The timetable database contains the following tables:

- ut_staff

id | name
---|-----
co.ACg | Cumming, Andrew
co.ACr | Crerar, Dr Alison
co.AFA | Armitage, Dr Alistair
 | ... Result truncated.

The staff table simply gives the unique identifier for each member of staff together with their full name.

- ut_student

id | name | sze | parent
---|------|----:|----------
co1.BAe | BAe | 15 | 
co1.CO | Computing 1st Year | 150 | 
co1.CO.a | Computing 1st Year a | 20 | co1.CO
co1.CO.c | Computing 1st Year c | 20 | co1.CO
co1.CO.d | Computing 1st Year d | 20 | co1.CO
 | | | ... Result truncated.

Each entry in the student table represents a group of students who follow the same timetable. The parent field is used to maintain a hierachy of groups. A student in group co1.CO.a is also in group co1.CO

- ut_room

id | name | capacity | parent
---|------|---------:|---------
co.117+118 |  | 32 | 
co.117 |  | 16 | co.117+118
co.118 |  | 16 | co.117+118
co.B7 |  | 40 | 
 | | | ... result truncated

All classrooms are listed in the room table. The parent relation is used to maintain groupings. The row co.117+118 represents a pair of rooms - sometimes these rooms are used for a single event.

- ut_event

id | modle | kind | dow | tod | duration | room
---|-------|------|-----|-----|---------:|----------
co12004.L01 | co12004 | L | Wednesday | 11:00 | 1 | cr.SMH
co12004.L02 | co12004 | L | Monday | 17:00 | 1 | cr.B13
co12004.T01 | co12004 | T | Monday | 11:00 | 2 | co.G78+G82
co12004.T02 | co12004 | T | Tuesday | 15:00 | 2 | co.B7
co12004.T03 | co12004 | T | Tuesday | 13:00 | 2 | co.G78+G82
 | | | | | | ... Result truncated.

Every event is associated with a single modle (deliberately mis-spelled version of module - which is a reserved word in one of engines). An event occurs on a particular day of the week (dow) at a particular time of day (tod). Every event has a duration specified as a whole number of hours.

- ut_attends

student | event
--------|------
co1.BAe | co12004.L01
co1.CO | co12004.L01
co1.IS | co12004.L01
co1.SE.pt | co12004.L02
co1.CO.a | co12004.T01
 | ... Result truncated.

The attends table links event to student. It realises the many to many relation.

- ut_teaches

staff | event
------|----------
co.AMn | co12004.L01
co.RK | co12004.L01
co.SRM | co12004.L01
co.RK | co12004.L02
co.SRM | co12004.L02
 | ... Result truncated.

The teaches table links event to staff.

- ut_occurs

event | week
------|-------:
co12004.L01 | 01
co12004.L01 | 02
co12004.L01 | 03
co12004.L01 | 04
co12004.L01 | 05
 | ... Result truncated.

Most events occur on weeks 01 to 13. This table records exactly which weeks are part of the plan for each event.

- ut_modle

id | name
---|---------
co12001 | Rapid Application Development
co12002 | Software Development 1A
co12003 | Professional Skills
co12004 | Applications Workshop
 | ... Result truncated.

By the 21st century, the Gradgrindians had completed their assimilation of Education.

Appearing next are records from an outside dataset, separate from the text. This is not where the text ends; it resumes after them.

(* Let $H$ be a real Hilbert space, $A:H\to2^H$ maximal monotone with $\mathrm{zer}A\ne\emptyset$, $(\gamma_n)$ a sequence in $(0,\infty)$ with $\sum_n\gamma_n^2=\infty$ and rate of divergence $\theta$, $x_0\in H$, $x_{n+1}=J_{\gamma_nA}x_n$, and $b>0$ with $b\ge\|x_0-p\|$ for some $p\in\mathrm{zer}A$. For $k\in\mathbb{N}$ let $m_k=\max_{0\le i\le k}\gamma_i$ and $M_k=\lceil(k+1)(2+m_k)\rceil-1$. Then for every $k\in\mathbb{N}$ there exists $N\le\Phi(k,m_k,\theta,b):=\theta\big(\lceil b^2(M_k+1)^2\rceil\big)\lceil b^2(M_k+1)^2\rceil-1$ such that $\|x_N-J_{\gamma_iA}x_N\|\le\frac1{k+1}$ for all $i\le k$ (i.e. $x_N\in AF_k$).
   Context: $J_{\gamma A}:=(Id+\gamma A)^{-1}$ is the resolvent of $\gamma A$. $AF_k:=\bigcap_{i\le k}\{x\in H\mid\|x-J_{\gamma_iA}x\|\le\frac1{k+1}\}$. A rate of divergence for $\sum\gamma_n^2$ is $\theta:\mathbb{N}\to\mathbb{N}$ with $\sum_{i=0}^{\theta(n)}\gamma_i^2\ge n$ for all $n$. *)

From HB Require Import structures.
From mathcomp Require Import all_boot all_order all_algebra.
From mathcomp Require Import all_classical all_reals all_analysis.
Set Implicit Arguments. Unset Strict Implicit. Unset Printing Implicit Defensive.
Import Order.TTheory GRing.Theory Num.Theory.
Import numFieldNormedType.Exports.
Local Open Scope classical_set_scope.
Local Open Scope ring_scope.

(* ip is a (real) inner product on V inducing the norm of V.
   A real Hilbert space is a complete normed space V with such an ip. *)
Definition is_inner_product (R : realType) (V : normedModType R)
  (ip : V -> V -> R) : Prop :=
  [/\ (forall x y, ip x y = ip y x),
      (forall (a : R) (x y z : V), ip (a *: x + y) z = a * ip x z + ip y z)
    & (forall x, ip x x = `|x| ^+ 2)].

(* Set-valued operators A : H -> 2^H; u \in A x is written A x u. *)
Definition monotone_op (R : realType) (V : normedModType R)
  (ip : V -> V -> R) (A : V -> set V) : Prop :=
  forall x y u v, A x u -> A y v -> 0 <= ip (x - y) (u - v).

Definition maximal_monotone (R : realType) (V : normedModType R)
  (ip : V -> V -> R) (A : V -> set V) : Prop :=
  monotone_op ip A /\
  forall B : V -> set V, monotone_op ip B ->
    (forall x u, A x u -> B x u) -> forall x u, B x u -> A x u.

Definition zer (R : realType) (V : normedModType R) (A : V -> set V) : set V :=
  [set p | A p 0].

(* resolvent J_{g A} x = (Id + g A)^{-1} x : the (for maximal monotone A and
   g > 0, unique) y with x \in y + g A y, chosen by classical choice. *)
Definition resolvent (R : realType) (V : normedModType R)
  (A : V -> set V) (g : R) (x : V) : V :=
  xget x [set y | exists2 u, A y u & x = y + g *: u].

Definition AF (R : realType) (V : normedModType R)
  (A : V -> set V) (gamma : nat -> R) (k : nat) : set V :=
  [set x | forall i, (i <= k)%N ->
     `|x - resolvent A (gamma i) x| <= (k.+1%:R)^-1].

Definition rate_of_divergence (R : realType) (gamma : nat -> R)
  (theta : nat -> nat) : Prop :=
  forall n : nat, n%:R <= \sum_(0 <= i < (theta n).+1) gamma i ^+ 2.

Definition ceiln (R : realType) (r : R) : nat := `|Num.ceil r|%N.

Definition mk (R : realType) (gamma : nat -> R) (k : nat) : R :=
  \big[Num.max/0]_(0 <= i < k.+1) gamma i.

Definition Mk (R : realType) (gamma : nat -> R) (k : nat) : nat :=
  (ceiln (k.+1%:R * (2 + mk gamma k)) - 1)%N.

(* Phi(k, m_k, theta, b) = theta(ceil(b^2 (M_k+1)^2)) * ceil(b^2 (M_k+1)^2) - 1
   (natural-number, truncated subtraction) *)
Definition Phi (R : realType) (gamma : nat -> R) (theta : nat -> nat)
  (b : R) (k : nat) : nat :=
  let c := ceiln (b ^+ 2 * ((Mk gamma k).+1%:R) ^+ 2) in
  (theta c * c - 1)%N.
Lemma displaced_value_expands (V y0 y1 y2 g0 g1 g2 z h L Z : R) :
  0 < h <= 1 -> 0 <= L -> Rabs z <= Z ->
  Rabs g0 <= L -> Rabs g1 <= L -> Rabs g2 <= L ->
  Rabs (y0 - g0) <= L * h ^ 2 -> Rabs (y1 - g1) <= L * h ^ 2 -> Rabs (y2 - g2) <= L * h ^ 2 ->
  Rabs (V - y0 - z * h * y1 - z * h * (z * h) / 2 * y2) <= L * Rabs (z * h) ^ 3 ->
  expands (L * (1 + Z) ^ 3) h V g0 (z * g1) (z * z / 2 * g2 + (y0 - g0) / h ^ 2).
Proof.
  intros Hh HL Hz Hg0 Hg1 Hg2 H0 H1 H2 HV.
  assert (HZ : 0 <= Z) by (pose proof (Rabs_pos z); lra).
  assert (Hh2 : 0 < h ^ 2) by (apply pow_lt; lra).
  assert (Hh3 : 0 < h ^ 3) by (apply pow_lt; lra).
  assert (HD0 : Rabs ((y0 - g0) / h ^ 2) <= L) by (apply div_bound; auto).
  assert (HD1 : Rabs ((y1 - g1) / h ^ 2) <= L) by (apply div_bound; auto).
  assert (HD2 : Rabs ((y2 - g2) / h ^ 2) <= L) by (apply div_bound; auto).
  set (EA := (V - y0 - z * h * y1 - z * h * (z * h) / 2 * y2) / h ^ 3).
  assert (HEA : Rabs EA <= L * Z ^ 3).
  { apply div_bound; auto. eapply Rle_trans; [exact HV|].
    rewrite Rabs_mult, (Rabs_pos_eq h), Rpow_mult_distr, <- Rmult_assoc by lra.
    apply Rmult_le_compat_r; [lra|]. apply Rmult_le_compat_l; [lra|].
    apply pow_incr. split; [apply Rabs_pos|auto]. }
  assert (Hcube : (1 + Z) ^ 3 = 1 + 3 * Z + 3 * Z ^ 2 + Z ^ 3) by ring.
  assert (HZ2 : 0 <= Z ^ 2) by (apply pow_le; lra).
  assert (HZ3 : 0 <= Z ^ 3) by (apply pow_le; lra).
  assert (HLZ : forall e B, Rabs e <= L * B -> B <= (1 + Z) ^ 3 -> Rabs e <= L * (1 + Z) ^ 3).
  { intros e B He HB. eapply Rle_trans; [exact He|]. apply Rmult_le_compat_l; lra. }
  assert (Hhalf : Rabs (/ 2) <= / 2) by (rewrite Rabs_pos_eq; lra).
  assert (Hh1 : Rabs h <= 1) by (rewrite Rabs_pos_eq; lra).
  repeat split.
  - apply (HLZ _ 1); lra.
  - apply (HLZ _ Z); [|lra]. rewrite Rabs_mult.
    pose proof (Rabs_pos z). pose proof (Rabs_pos g1). nra.
  - apply (HLZ _ (Z * Z / 2 + 1)); [|nra].
    eapply Rle_trans; [bound_tac|]. nra.
  - exists (z * ((y1 - g1) / h ^ 2) + h * (z * z / 2 * ((y2 - g2) / h ^ 2)) + EA). split.
    + apply (HLZ _ (Z + Z * Z / 2 + Z ^ 3)); [|nra].
      eapply Rle_trans; [bound_tac|]. nra.
    + unfold EA. field. lra.
Qed.

Section DisplacedDensity.
Variables (rho rho_r rho_rr : R -> R -> R) (Br R1 T1 : R).
Hypothesis HBr : 0 <= Br.
Hypothesis Hval : forall x t, Rabs x <= R1 -> Rabs t <= T1 ->
  Rabs (rho x t) <= Br /\ Rabs (rho_r x t) <= Br /\ Rabs (rho_rr x t) <= Br.
Hypothesis Htaylor : forall x t s, Rabs x <= R1 -> Rabs t <= T1 -> Rabs s <= 1 ->
  Rabs (rho (x + s) t - rho x t - s * rho_r x t - s * s / 2 * rho_rr x t) <= Br * Rabs s ^ 3.
Hypothesis Htime : forall x t s, Rabs x <= R1 -> Rabs t <= T1 -> Rabs s <= 1 ->
  Rabs (rho x (t + s) - rho x t) <= Br * Rabs s /\
  Rabs (rho_r x (t + s) - rho_r x t) <= Br * Rabs s /\
  Rabs (rho_rr x (t + s) - rho_rr x t) <= Br * Rabs s.

Lemma displaced_density_expands (r t dt z h c Z : R) :
  0 < h <= 1 -> 0 <= c -> Rabs z <= Z -> Rabs (z * h) <= 1 ->
  Rabs r <= R1 -> Rabs t <= T1 -> Rabs (t + dt) <= T1 -> Rabs dt <= c * h ^ 2 -> Rabs dt <= 1 ->
  expands (Br * (1 + c) * (1 + Z) ^ 3) h (rho (r + z * h) (t + dt))
    (rho r t) (z * rho_r r t) (z * z / 2 * rho_rr r t + (rho r (t + dt) - rho r t) / h ^ 2).
Proof.
  intros Hh Hc Hz Hzh Hr Ht Htdt Hdt Hdt1.
  assert (HL : Br <= Br * (1 + c)) by nra.
  assert (Hshift : forall e, Rabs e <= Br * Rabs dt -> Rabs e <= Br * (1 + c) * h ^ 2).
  { intros e He. eapply Rle_trans; [exact He|].
    assert (0 <= h ^ 2) by (apply pow_le; lra). nra. }
  destruct (Hval r t Hr Ht) as (Hg0 & Hg1 & Hg2).
  destruct (Htime r t dt Hr Ht Hdt1) as (H0 & H1 & H2).
  apply displaced_value_expands with (y1 := rho_r r (t + dt)) (y2 := rho_rr r (t + dt));
    try lra; auto.
  - eapply Rle_trans; [apply Htaylor; auto|].
    apply Rmult_le_compat_r; [apply pow_le, Rabs_pos|lra].
Qed.

End DisplacedDensity.

(* Coefficients of the small-step expansion of the two arguments x, y of f in
   F(omega, omega_k), for leading digits with displacements Iw (for x) and I0
   (for y), trailing displacement sg and spatial offset u of x:
   (x - y)/2 = h a_coef + h^2 b_coef + O(h^3),  (x + y)/2 = g0 + h y_coef + O(h^2). *)
Definition a_coef (kappa Iw I0 g0 g1 : R) : R := -(Iw * (kappa * g0) + I0 * (- kappa * g0 + g1)) / 2.
Definition b_coef (kappa Iw I0 sg u g0 g1 g2 : R) : R :=
  - kappa * sg * a_coef kappa Iw I0 g0 g1
  + (kappa * kappa * (Iw * Iw - I0 * I0) / 2 * g0 - u * kappa * (Iw - I0) * g1
     + kappa * I0 * I0 * g1 - g2 * (u * I0 + I0 * I0 / 2)) / 2.
Definition y_coef (kappa Iw I0 sg u g0 g1 : R) : R :=
  - kappa * sg * g0 - kappa * (Iw + I0) * g0 / 2 + (2 * u + I0) * g1 / 2.
(* Let $k$ be a positive integer. If $H$ is a thickened $4k$-path, then $\mathrm{ecrw}(H)\ge k$.
   Context: A thickened $n$-path is the graph obtained from the path on $n$ vertices by replacing each edge by $n$ internally vertex-disjoint paths of length two; explicitly, vertices $u_1,\dots,u_n$ and $v_{i,j}$ ($i\in[n-1]$, $j\in[n]$), with edges $u_iv_{i,j}$ and $u_{i+1}v_{i,j}$. A tree-cut decomposition of a graph $G$ is a pair $\mathcal{T}=(T,\{X_t\}_{t\in V(T)})$ where $T$ is a tree and the bags $X_t\subseteq V(G)$ are pairwise disjoint (possibly empty) with $\bigcup_{t\in V(T)}X_t=V(G)$. For a node $t$ of $T$, let $T_1,\dots,T_m$ be the connected components of $T-t$ and $Z_i=\bigcup_{s\in V(T_i)}X_s$; $\mathrm{cross}_{\mathcal{T}}(t)$ is the number of edges of $G$ whose two endpoints lie in two distinct sets among $Z_1,\dots,Z_m$ (if $T$ has one node, $\mathrm{cross}_{\mathcal T}(t)=0$). The crossing number of $\mathcal{T}$ is $\max_{t}\mathrm{cross}_{\mathcal{T}}(t)$, and the thickness of $\mathcal{T}$ is $\max_t|X_t|$. The edge-crossing width of $\mathcal T$ is the maximum of its crossing number and its thickness, and $\mathrm{ecrw}(G)$ is the minimum edge-crossing width over all tree-cut decompositions of $G$. *)

From mathcomp Require Import all_boot.
From mathcomp Require Import boolp.

Set Implicit Arguments.
Unset Strict Implicit.
Unset Printing Implicit Defensive.

(* A simple graph is given by a vertex finType V and a symmetric
   irreflexive adjacency relation e : rel V. *)

(* Vertices: inl a  = u_{a+1}  (a < n),
             inr (b, j) = v_{b+1, j+1}  (b < n-1, j < n).
   Edges: u_i v_{i,j} and u_{i+1} v_{i,j}. *)
Definition tp_vertex (n : nat) : finType := ('I_n + ('I_n.-1 * 'I_n))%type.

Definition tp_uv n (a : 'I_n) (bj : 'I_n.-1 * 'I_n) : bool :=
  (nat_of_ord a == nat_of_ord bj.1) || (nat_of_ord a == (nat_of_ord bj.1).+1).

Definition thickened_path_adj (n : nat) : rel (tp_vertex n) :=
  fun x y =>
    match x, y with
    | inl a, inr bj => tp_uv a bj
    | inr bj, inl a => tp_uv a bj
    | _, _ => false
    end.

Arguments thickened_path_adj n : clear implicits.

Definition acyclic (T : finType) (r : rel T) : Prop :=
  forall (x : T) (p : seq T),
    path r x p -> uniq (x :: p) -> 2 <= size p -> ~~ r (last x p) x.

Definition is_tree (T : finType) (r : rel T) : Prop :=
  [/\ 0 < #|T|, irreflexive r, symmetric r,
      (forall a b : T, connect r a b) & acyclic r].

Record tcd (V : finType) := TCD {
  tnode : finType;
  tadj  : rel tnode;
  bag   : tnode -> {set V} }.

Definition tcd_valid (V : finType) (D : tcd V) : Prop :=
  [/\ is_tree (@tadj V D),
      (forall s1 s2 : tnode D, s1 != s2 -> [disjoint bag s1 & bag s2]) &
      \bigcup_(s : tnode D) bag s = [set: V]].

Definition tadj_minus (V : finType) (D : tcd V) (t : tnode D) : rel (tnode D) :=
  fun a b => [&& tadj a b, a != t & b != t].

(* x and y lie in two distinct sets among Z_1, ..., Z_m, where the Z_i are
   the unions of the bags over the components of T - t. *)
Definition separated (V : finType) (D : tcd V) (t : tnode D) (x y : V) : bool :=
  [exists s1 : tnode D, exists s2 : tnode D,
     [&& s1 != t, s2 != t, x \in bag s1, y \in bag s2
       & ~~ connect (tadj_minus t) s1 s2]].

(* cross_T(t): number of edges of G (unordered pairs {x,y} with e x y)
   whose endpoints lie in two distinct Z_i's. *)
Definition cross (V : finType) (e : rel V) (D : tcd V) (t : tnode D) : nat :=
  #|[set E : {set V} | [exists x : V, exists y : V,
        [&& e x y, E == [set x; y] & separated t x y]]]|.

Definition crossing_number (V : finType) (e : rel V) (D : tcd V) : nat :=
  \max_(t : tnode D) cross e t.

Definition thickness (V : finType) (D : tcd V) : nat :=
  \max_(t : tnode D) #|bag t|.

Definition ecr_width (V : finType) (e : rel V) (D : tcd V) : nat :=
  maxn (crossing_number e D) (thickness D).

Definition achievable_width (V : finType) (e : rel V) : pred nat :=
  fun m => `[< exists D : tcd V, tcd_valid D /\ ecr_width e D = m >].

Definition trivial_tcd (V : finType) : tcd V :=
  @TCD V unit (fun _ _ => false) (fun _ => [set: V]).

Lemma trivial_tcd_valid (V : finType) : tcd_valid (trivial_tcd V).
Proof.
split.
- split; rewrite ?card_unit //;
    try (by move=> [] []); try (by move=> x [|y p]);
    try (by move=> [] []; apply: connect0).
- by move=> [] [] /eqP.
- apply/setP=> v; rewrite in_setT; apply/bigcupP; by exists tt.
Qed.

Lemma achievable_width_ex (V : finType) (e : rel V) :
  exists m, achievable_width e m.
Proof.
exists (ecr_width e (trivial_tcd V)); apply/asboolP.
by exists (trivial_tcd V); split => //; apply: trivial_tcd_valid.
Qed.

Definition ecrw (V : finType) (e : rel V) : nat :=
  ex_minn (achievable_width_ex e).

From mathcomp Require Import all_boot.
From mathcomp Require Import zify boolp.

Set Implicit Arguments.
Unset Strict Implicit.
Unset Printing Implicit Defensive.

(* Let D be a tree-cut decomposition of a graph of width w.  The heart of
   the argument is a bound on common neighbourhoods: if x and y lie in the
   bags of two distinct nodes s1, s2, then x and y have at most 4w common
   neighbours.  Indeed, either s1 and s2 are adjacent in the tree, and every
   common neighbour z lies in bag s1 or bag s2, or one of the edges xz, zy
   is crossing at s2 or at s1; or some node t separates s1 from s2, and z
   lies in bag t or one of xz, zy is crossing at t.  Each class has at most
   w members (thickness, resp. crossing number).

   In the thickened n-path, consecutive vertices u_a and u_(a+1) have n
   common neighbours.  So if 4w < n, all of u_1, ..., u_n lie in one bag,
   whose size n then exceeds w.  Hence n <= 4w for every decomposition;
   with n = 4k this gives k <= ecrw(H). *)

Lemma leq_cardsU (T : finType) (A B : {set T}) : #|A :|: B| <= #|A| + #|B|.
Proof. by rewrite -cardsUI leq_addr. Qed.

Section TreeSeparation.
Variables (V : finType) (D : tcd V).
Hypothesis tadj_sym : symmetric (@tadj V D).
Hypothesis tadj_acyclic : acyclic (@tadj V D).
Local Notation r := (@tadj V D).
Local Notation rm := (@tadj_minus V D).

Lemma tadj_minus_sym t : symmetric (rm t).
Proof.
by move=> a b; rewrite /tadj_minus tadj_sym; case: (a != t); case: (b != t).
Qed.

Lemma tadj_minus_notin t x p : path (rm t) x p -> t \notin p.
Proof.
elim: p x => [//|y p IH] x /= /andP[/and3P[_ _ yt] /IH].
by rewrite inE eq_sym (negbTE yt).
Qed.

Lemma tadj_minus_path t x p : path (rm t) x p -> path r x p.
Proof. by apply: sub_path => a b /and3P[]. Qed.

(* A walk x, y, ..., z avoiding x, with y != z, cannot be closed by an edge
   z x: shortening it would produce a cycle of length at least 3. *)
Lemma no_closing_edge x z y p : path r x (y :: p) -> x \notin y :: p ->
  last x (y :: p) = z -> r z x -> y != z -> False.
Proof.
move=> /= /andP[rxy py] xn hl rzx yz.
case: (shortenP py) hl => p' pp' up' sp' hl.
have ux : uniq (x :: y :: p').
  rewrite cons_uniq up' andbT inE negb_or.
  move: xn; rewrite inE negb_or => /andP[-> xp] /=.
  by apply/negP => /sp'; apply/negP.
have sz : 2 <= size (y :: p').
  case: p' {pp' up' sp' ux} hl => [|w p''] //= hl.
  by move: yz; rewrite hl eqxx.
have pth : path r x (y :: p') by rewrite /= rxy pp'.
by move: (tadj_acyclic pth ux sz); rewrite /= hl rzx.
Qed.

Lemma inner_node_separates s1 y p s2 : path r s1 (y :: p) ->
  uniq (s1 :: y :: p) -> last s1 (y :: p) = s2 -> p != [::] ->
  ~~ connect (rm y) s1 s2.
Proof.
move=> pth un hl pn; apply/negP.
rewrite (sym_connect_sym (@tadj_minus_sym y)) => /connectP[q pq hq].
move: pth un hl => /= /andP[rs1y pyp] /andP[s1n /andP[yn _]] hl.
case: p pn pyp yn hl s1n => [//|y' p'] _ pyp yn hl s1n.
rewrite /= in hl.
apply: (@no_closing_edge y s1 y' (p' ++ q)).
- by rewrite -cat_cons cat_path pyp /= hl (tadj_minus_path pq).
- by rewrite -cat_cons mem_cat negb_or yn (tadj_minus_notin pq).
- by rewrite -cat_cons last_cat /= hl.
- exact: rs1y.
- by apply/negP => /eqP ey; move: s1n; rewrite ey !inE eqxx orbT.
Qed.

Lemma tree_separator s1 s2 : connect r s1 s2 -> s1 != s2 ->
  r s1 s2 \/ exists t, [/\ t != s1, t != s2 & ~~ connect (rm t) s1 s2].
Proof.
move=> /connectP[p pp hp] s12.
case: (shortenP pp) hp => p' pp' up' _ hp.
case: p' pp' up' hp => [|y q] pp' up' hp; first by move: s12; rewrite hp eqxx.
case: (eqVneq q [::]) => [qnil | qn].
  by left; move: pp' hp; rewrite qnil /= => /andP[? _] ->.
right; exists y; split; last exact: inner_node_separates pp' up' (esym hp) qn.
- by apply: contraTneq up' => ->; rewrite /= inE eqxx.
- have /andP[_ /andP[yq _]] := up'.
  apply: contraNneq yq => ->; rewrite hp /=.
  by case: q {pp' up' hp} qn => // z q _ /=; apply: mem_last.
Qed.

(* For an edge s1 s2, any other node s is cut off from s2 by s1 or from s1
   by s2: being joined to both would close a cycle through s1 s2. *)
Lemma edge_separates s1 s2 s : r s1 s2 -> s != s1 -> s != s2 ->
  ~~ connect (rm s1) s s2 || ~~ connect (rm s2) s s1.
Proof.
move=> r12 ss1 ss2; rewrite -negb_and; apply/negP => /andP[].
rewrite (sym_connect_sym (@tadj_minus_sym s1)) => /connectP[q pq hq].
move=> /connectP[p pp hp].
case: (shortenP pq) hq => q' pq' uq' sq' hq.
case: q' pq' uq' sq' hq => [|y q''] pq' uq' sq' hq.
  by move: ss2; rewrite hq eqxx.
apply: (@no_closing_edge s2 s1 y (q'' ++ p)).
- by rewrite -cat_cons cat_path (tadj_minus_path pq') -hq (tadj_minus_path pp).
- rewrite -cat_cons mem_cat negb_or (tadj_minus_notin pp) andbT.
  by case/andP: uq'.
- by rewrite -cat_cons last_cat -hq -hp.
- exact: r12.
- apply: contraTneq (tadj_minus_notin pq) => ey.
  by rewrite negbK -ey; apply: sq'; rewrite inE eqxx.
Qed.

End TreeSeparation.

Section CommonNeighbours.
Variables (V : finType) (e : rel V) (D : tcd V).
Hypothesis e_irr : irreflexive e.
Hypothesis D_valid : tcd_valid D.
Local Notation w := (ecr_width e D).
Local Notation rm := (@tadj_minus V D).

Definition is_crossing (t : tnode D) (E : {set V}) : bool :=
  [exists x : V, exists y : V, [&& e x y, E == [set x; y] & separated t x y]].

Lemma bag_cover (x : V) : exists s : tnode D, x \in bag s.
Proof.
case: D_valid => _ _ cov.
have : x \in \bigcup_(s : tnode D) bag s by rewrite cov inE.
by case/bigcupP => s _ xs; exists s.
Qed.

Lemma bag_le_width (t : tnode D) : #|bag t| <= w.
Proof.
apply: leq_trans (leq_maxr _ _).
exact: (@leq_bigmax _ (fun s => #|bag s|) t).
Qed.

The process of "modularisation" was just one of their crimes against learning.

- ut_week

id | wkstart
--:|-------:
01 | 02/10/00
02 | 09/10/00
03 | 16/10/00
 | ...Result truncated


In [1]:
import findspark
import pandas as pd
findspark.init()

SVR = '192.168.31.31'
from pyspark.sql import SparkSession
from pyspark.sql.functions import *
from pyspark.sql import Window

sc = (SparkSession.builder.appName('app15-1') 
      .master(f'spark://{SVR}:7077') 
      .config('spark.sql.warehouse.dir', f'hdfs://{SVR}:9000/user/hive/warehouse') 
      .config('spark.cores.max', '4') 
      .config('spark.executor.instances', '1') 
      .config('spark.executor.cores', '2') 
      .config('spark.executor.memory', '10g') 
      .enableHiveSupport().getOrCreate())

Setting default log level to "WARN".
To adjust logging level use sc.setLogLevel(newLevel). For SparkR, use setLogLevel(newLevel).


In [2]:
ut_staff = sc.read.table('sqlzoo.ut_staff')
ut_student = sc.read.table('sqlzoo.ut_student')
ut_event = sc.read.table('sqlzoo.ut_event')
ut_room = sc.read.table('sqlzoo.ut_room')
ut_attends = sc.read.table('sqlzoo.ut_attends')
ut_teaches = sc.read.table('sqlzoo.ut_teaches')
ut_occurs = sc.read.table('sqlzoo.ut_occurs')
ut_modle = sc.read.table('sqlzoo.ut_modle')
ut_week = sc.read.table('sqlzoo.ut_week')

## 1.
**Give the room id in which the event co42010.L01 takes place.**

In [3]:
(ut_event.filter(ut_event['id']=='co42010.L01')
 .select('room')
 .toPandas())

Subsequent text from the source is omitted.